It’s impressive that it’s possible to beat optimized C libraries in certain cases with native Julia code, but focusing too much on such cases will often lead people astray. Benchmarks against optimized C code help establish Julia’s performance capabilities, but only represent a starting point for interesting work.
Fundamentally, the reason Julia exists is not to beat the performance of existing C libraries on existing problems. If all the high-performance code you will ever need has already been written, then you don’t have as much need for a new language. Julia is attractive for people who need to write new high-performance code to solve new problems, which don’t fit neatly into the boxes provided by existing numpy library functions.
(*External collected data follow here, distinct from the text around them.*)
Fixpoint tshape (A : ty) : shape :=
  match A with
  | TVar x => ShVar 0 x
  | TArr _ B => tshape B
  | TLater A => shape_later (tshape A)
  | TMu A => shape_mu (tshape A)
  end.

Definition shape_lift (c : nat) (v : shape) : shape :=
  match v with
  | ShTop => ShTop
  | ShVar n x => ShVar n (if x <? c then x else S x)
  end.

Definition shape_subst (k : nat) (w v : shape) : shape :=
  match v with
  | ShTop => ShTop
  | ShVar n x =>
      if x <? k then ShVar n x
      else if x =? k then
        match w with ShTop => ShTop | ShVar m y => ShVar (n + m) y end
      else ShVar n (pred x)
  end.

Ltac case_nat_cmp :=
  repeat match goal with
  | |- context [?a <? ?b] => destruct (Nat.ltb_spec a b)
  | |- context [?a =? ?b] => destruct (Nat.eqb_spec a b)
  end.

Lemma tshape_lift A c : tshape (lift c A) = shape_lift c (tshape A).
Proof.
  revert c; induction A; intros c; simpl.
  - case_nat_cmp; reflexivity.
  - auto.
  - rewrite IHA; destruct (tshape A); reflexivity.
  - rewrite IHA; destruct (tshape A) as [|n [|x]]; simpl; auto.
    case_nat_cmp; simpl; try lia; reflexivity.
Qed.

Lemma tshape_subst A k s :
  tshape (subst k s A) = shape_subst k (tshape s) (tshape A).
Proof.
  revert k s; induction A; intros k s; simpl.
  - case_nat_cmp; simpl; try reflexivity.
    destruct (tshape s); reflexivity.
  - auto.
  - rewrite IHA; destruct (tshape A) as [|n x]; simpl; auto.
    case_nat_cmp; simpl; try reflexivity.
    destruct (tshape s); reflexivity.
  - rewrite IHA, tshape_lift; destruct (tshape A) as [|n [|x]]; simpl; auto.
    case_nat_cmp; simpl; try lia.
    + reflexivity.
    + destruct (tshape s); reflexivity.
    + destruct x; [lia | reflexivity].
Qed.

Lemma tshape_unfold A : tshape (subst0 A (TMu A)) = tshape (TMu A).
Proof.
  unfold subst0; rewrite tshape_subst; simpl.
  destruct (tshape A) as [|n [|x]]; reflexivity.
Qed.

(* The value of [topvar_aux env] on a tail of the given shape. *)
Definition shape_holds (env : list bool) (v : shape) : bool :=
  match v with
  | ShTop => true
  | ShVar 0 x => nth x env false
  | ShVar (S _) x => x <? length env
  end.

Lemma nth_map_const_true (env : list bool) x :
  nth x (map (fun _ => true) env) false = (x <? length env).
Proof. revert x; induction env; intros [|x]; simpl; auto. Qed.

Lemma shape_holds_later env v :
  shape_holds (map (fun _ => true) env) v = shape_holds env (shape_later v).
Proof.
  destruct v as [|[|n] x]; simpl; rewrite ?length_map; auto.
  apply nth_map_const_true.
Qed.

Lemma topvar_aux_tail_holds env A :
  topvar_aux env (Defs.tail A) = true -> shape_holds env (tshape A) = true.
Proof.
  revert env; induction A; intros env H; simpl in *; auto.
  - rewrite <- shape_holds_later; auto.
  - specialize (IHA _ H).
    destruct (tshape A) as [|[|n] [|x]]; simpl in *; auto.
Qed.

Lemma top_variant_tshape A : top_variant A = true -> tshape A = ShTop.
Proof.
  intros H; apply topvar_aux_tail_holds in H.
  destruct (tshape A) as [|[|n] x]; simpl in H; auto.
  - destruct x; discriminate.
  - apply Nat.ltb_lt in H; simpl in H; lia.
Qed.

Lemma proper_tshape x C : proper x C = true -> tshape C <> ShVar 0 x.
Proof.
  revert x; induction C; intros x H; simpl in *.
  - intros E; injection E as ->; rewrite Nat.eqb_refl in H; discriminate.
  - apply orb_true_iff in H as [H | H].
    + apply andb_prop in H; apply IHC2; tauto.
    + rewrite (top_variant_tshape _ H); discriminate.
  - destruct (tshape C); discriminate.
  - apply orb_true_iff in H as [H | H].
    + specialize (IHC _ H).
      destruct (tshape C) as [|n [|y]]; simpl; try discriminate.
      intros E; injection E as -> ->; auto.
    + pose proof (top_variant_tshape _ H) as E; simpl in E.
      rewrite E; discriminate.
Qed.

Lemma topvar_aux_tail env A :
  wf A = true -> topvar_aux env (Defs.tail A) = shape_holds env (tshape A).
Proof.
  revert env; induction A; intros env W; simpl in *; auto.
  - apply andb_prop in W; apply IHA2; tauto.
  - rewrite IHA by exact W; apply shape_holds_later.
  - apply andb_prop in W as [W HP].
    pose proof (proper_tshape _ _ HP) as Hne.
    rewrite IHA by exact W.
    destruct (tshape A) as [|[|n] [|x]]; simpl; auto.
Qed.

Lemma top_variant_iff_tshape A :
  wf A = true -> top_variant A = true <-> tshape A = ShTop.
Proof.
  intros W; split; [apply top_variant_tshape |].
  intros E; unfold top_variant; rewrite topvar_aux_tail, E; auto.
Qed.

Lemma ty_eq_ty_eqd A B : ty_eq A B -> ty_eqd A B.
Proof. intros H; induction H; eauto using ty_eqd. Qed.

Lemma tshape_fold A C :
  proper 0 C = true -> tshape A = tshape (subst0 C A) -> tshape A = tshape (TMu C).
Proof.
  intros HP E; pose proof (proper_tshape _ _ HP) as Hne.
  unfold subst0 in E; rewrite tshape_subst in E; simpl.
  destruct (tshape C) as [|[|n] [|x]]; simpl in *; auto.
  - exfalso; auto.
  - destruct (tshape A); auto.
    injection E; lia.
Qed.

Lemma ty_eqd_tshape A B : ty_eqd A B -> tshape A = tshape B.
Proof.
  intros H; induction H; simpl; try congruence.
  - symmetry; apply tshape_unfold.
  - simpl in H0; apply andb_prop in H0 as [_ HP].
    exact (tshape_fold _ _ HP IHty_eqd).
Qed.

Definition up (s : nat -> option nat) (x : nat) : option nat :=
  match x with 0 => Some 0 | S y => option_map S (s y) end.

Fixpoint psub (s : nat -> option nat) (A : ty) : ty :=
  match A with
  | TVar x => match s x with None => top | Some y => TVar y end
  | TArr A B => TArr (psub s A) (psub s B)
  | TLater A => TLater (psub s A)
  | TMu A => TMu (psub (up s) A)
  end.

Definition shape_psub (s : nat -> option nat) (v : shape) : shape :=
  match v with
  | ShTop => ShTop
  | ShVar n x => match s x with None => ShTop | Some y => ShVar n y end
  end.

Lemma tshape_psub A s : tshape (psub s A) = shape_psub s (tshape A).
Proof.
  revert s; induction A; intros s; simpl.
  - destruct (s n); reflexivity.
  - auto.
  - rewrite IHA; destruct (tshape A) as [|n x]; simpl; auto.
    destruct (s x); reflexivity.
  - rewrite IHA; destruct (tshape A) as [|n [|x]]; simpl; auto.
    destruct (s x); reflexivity.
Qed.

Lemma psub_id A s : (forall x, s x = Some x) -> psub s A = A.
Proof.
  revert s; induction A; intros s H; simpl.
  - rewrite H; reflexivity.
  - rewrite IHA1, IHA2; auto.
  - rewrite IHA; auto.
  - rewrite IHA; auto.
    intros [|x]; simpl; auto; rewrite H; reflexivity.
Qed.

Lemma subst_top_psub B k s t :
  (forall x, t x = match s x with
                   | None => None
                   | Some z => if z <? k then Some z
                               else if z =? k then None else Some (pred z)
                   end) ->
  subst k top (psub s B) = psub t B.
Proof.
  revert k s t; induction B; intros k s t H; simpl.
  - rewrite H; destruct (s n) as [z|]; simpl; [case_nat_cmp |]; reflexivity.
  - rewrite (IHB1 k s t), (IHB2 k s t); auto.
  - rewrite (IHB k s t); auto.
  - f_equal; apply IHB; intros [|x]; simpl; [reflexivity |].
    rewrite H; destruct (s x) as [z|]; simpl; auto.
    case_nat_cmp; simpl; try lia; auto.
    destruct z; [lia | reflexivity].
Qed.

Lemma top_variant_psub B s :
  wf (psub s B) = true -> top_variant B = true -> top_variant (psub s B) = true.
Proof.
  intros W H; apply top_variant_iff_tshape; auto.
  rewrite tshape_psub, (top_variant_tshape _ H); reflexivity.
Qed.

Lemma proper_psub A s x' x :
  wf (psub s A) = true -> s x' = Some x ->
  (forall y, y <> x' -> s y <> Some x) ->
  proper x' A = true -> proper x (psub s A) = true.
Proof.
  revert s x' x; induction A; intros s x' x W E Einj Hp; simpl in *.
  - destruct (s n) as [z|] eqn:Es; [| reflexivity].
    apply negb_true_iff, Nat.eqb_neq in Hp.
    apply negb_true_iff, Nat.eqb_neq; intros ->; exact (Einj n Hp Es).
  - apply andb_prop in W as [W1 W2].
    apply orb_true_iff in Hp as [Hp | Hp]; apply orb_true_iff.
    + apply andb_prop in Hp as [Hp1 Hp2].
      left; rewrite (IHA1 s x' x), (IHA2 s x' x); auto.
    + right; apply top_variant_psub; auto.
  - reflexivity.
  - apply orb_true_iff in Hp as [Hp | Hp]; apply orb_true_iff.
    + apply andb_prop in W as [W _].
      left; apply (IHA (up s) (S x')); auto.
      * simpl; rewrite E; reflexivity.
      * intros [|y] Hy; simpl; [discriminate |].
        destruct (s y) as [z|] eqn:Ez; simpl; [| discriminate].
        intros Eq; injection Eq as ->; apply (Einj y); auto.
    + right; exact (top_variant_psub (TMu A) s W Hp).
Qed.

Lemma wf_psub A s : wf A = true -> wf (psub s A) = true.
Proof.
  revert s; induction A; intros s W; simpl in *.
  - destruct (s n); reflexivity.
  - apply andb_prop in W as [W1 W2]; rewrite IHA1, IHA2; auto.
  - auto.
  - apply andb_prop in W as [W HP].
    assert (Wb : wf (psub (up s) A) = true) by auto.
    rewrite Wb; simpl; apply (proper_psub A (up s) 0 0); auto.
    intros [|y] Hy; simpl; [lia |].
    destruct (s y); discriminate.
Qed.

Lemma later_top : ty_eq (TLater top) top.
Proof. apply teq_sym; exact (teq_unfold (TLater (TVar 0)) eq_refl eq_refl). Qed.

Lemma ty_eq_top_psub A s :
  wf A = true -> shape_psub s (tshape A) = ShTop -> ty_eq (psub s A) top.
Proof.
  revert s; induction A; intros s W H; simpl in *.
  - destruct (s n); [discriminate |]; apply teq_refl; reflexivity.
  - apply andb_prop in W as [W1 W2].
    apply teq_trans with (TArr (psub s A1) top).
    + apply teq_arr; [apply teq_refl, wf_psub |]; auto.
    + apply teq_arrtop, wf_psub; auto.
  - apply teq_trans with (TLater top); [| apply later_top].
    apply teq_later, IHA; auto.
    destruct (tshape A) as [|n x]; simpl in *; auto.
    destruct (s x); auto; discriminate.
  - pose proof (wf_psub (TMu A) s W) as Wmu; simpl in Wmu.
    apply andb_prop in W as [W _].
    apply teq_sym, teq_fold; [reflexivity | exact Wmu |].
    unfold subst0.
    rewrite (subst_top_psub A 0 (up s)
               (fun x => match x with 0 => None | S y => s y end)).
    + apply teq_sym, IHA; auto.
      destruct (tshape A) as [|n [|x]]; simpl in *; auto.
    + intros [|x]; simpl; auto; destruct (s x); reflexivity.
Qed.

Lemma ty_eq_top_of_tshape A : wf A = true -> tshape A = ShTop -> ty_eq A top.
Proof.
  intros W E; rewrite <- (psub_id A Some) by reflexivity.
  apply ty_eq_top_psub; auto; rewrite E; reflexivity.
Qed.

Theorem theorem4 (A : ty) (HA : wf A = true) :
  (top_variant A = true <-> ty_eq A top) /\
  (top_variant A = true <-> ty_eqd A top).
Proof.
  assert (complete : top_variant A = true -> ty_eq A top).
  { intros H; apply ty_eq_top_of_tshape, top_variant_tshape; auto. }
  assert (sound : ty_eqd A top -> top_variant A = true).
  { intros H; apply top_variant_iff_tshape; auto.
    rewrite (ty_eqd_tshape _ _ H); reflexivity. }
  split; split; auto using ty_eq_ty_eqd.
Qed.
It’s not that Julia has some secret sauce that allows it to beat C — it is just that its compiled performance is comparable to that of C (boiling down to the same LLVM backend), so depending on the programmer’s cleverness and time it will sometimes beat C libraries and sometimes not.
It is, however, vastly easier to write high-performance Julia code than comparable C code in most cases, because Julia is a higher level language with performant high-level abstractions. This can also make it easier to be clever, with tricks like metaprogramming that are tedious in C. And the code you write in Julia can at the same time be more flexible (type-generic and composable), allowing greater code re-use.
This is important for those of us who want to work on new problems and to go beyond endlessly recycling the solutions of the past.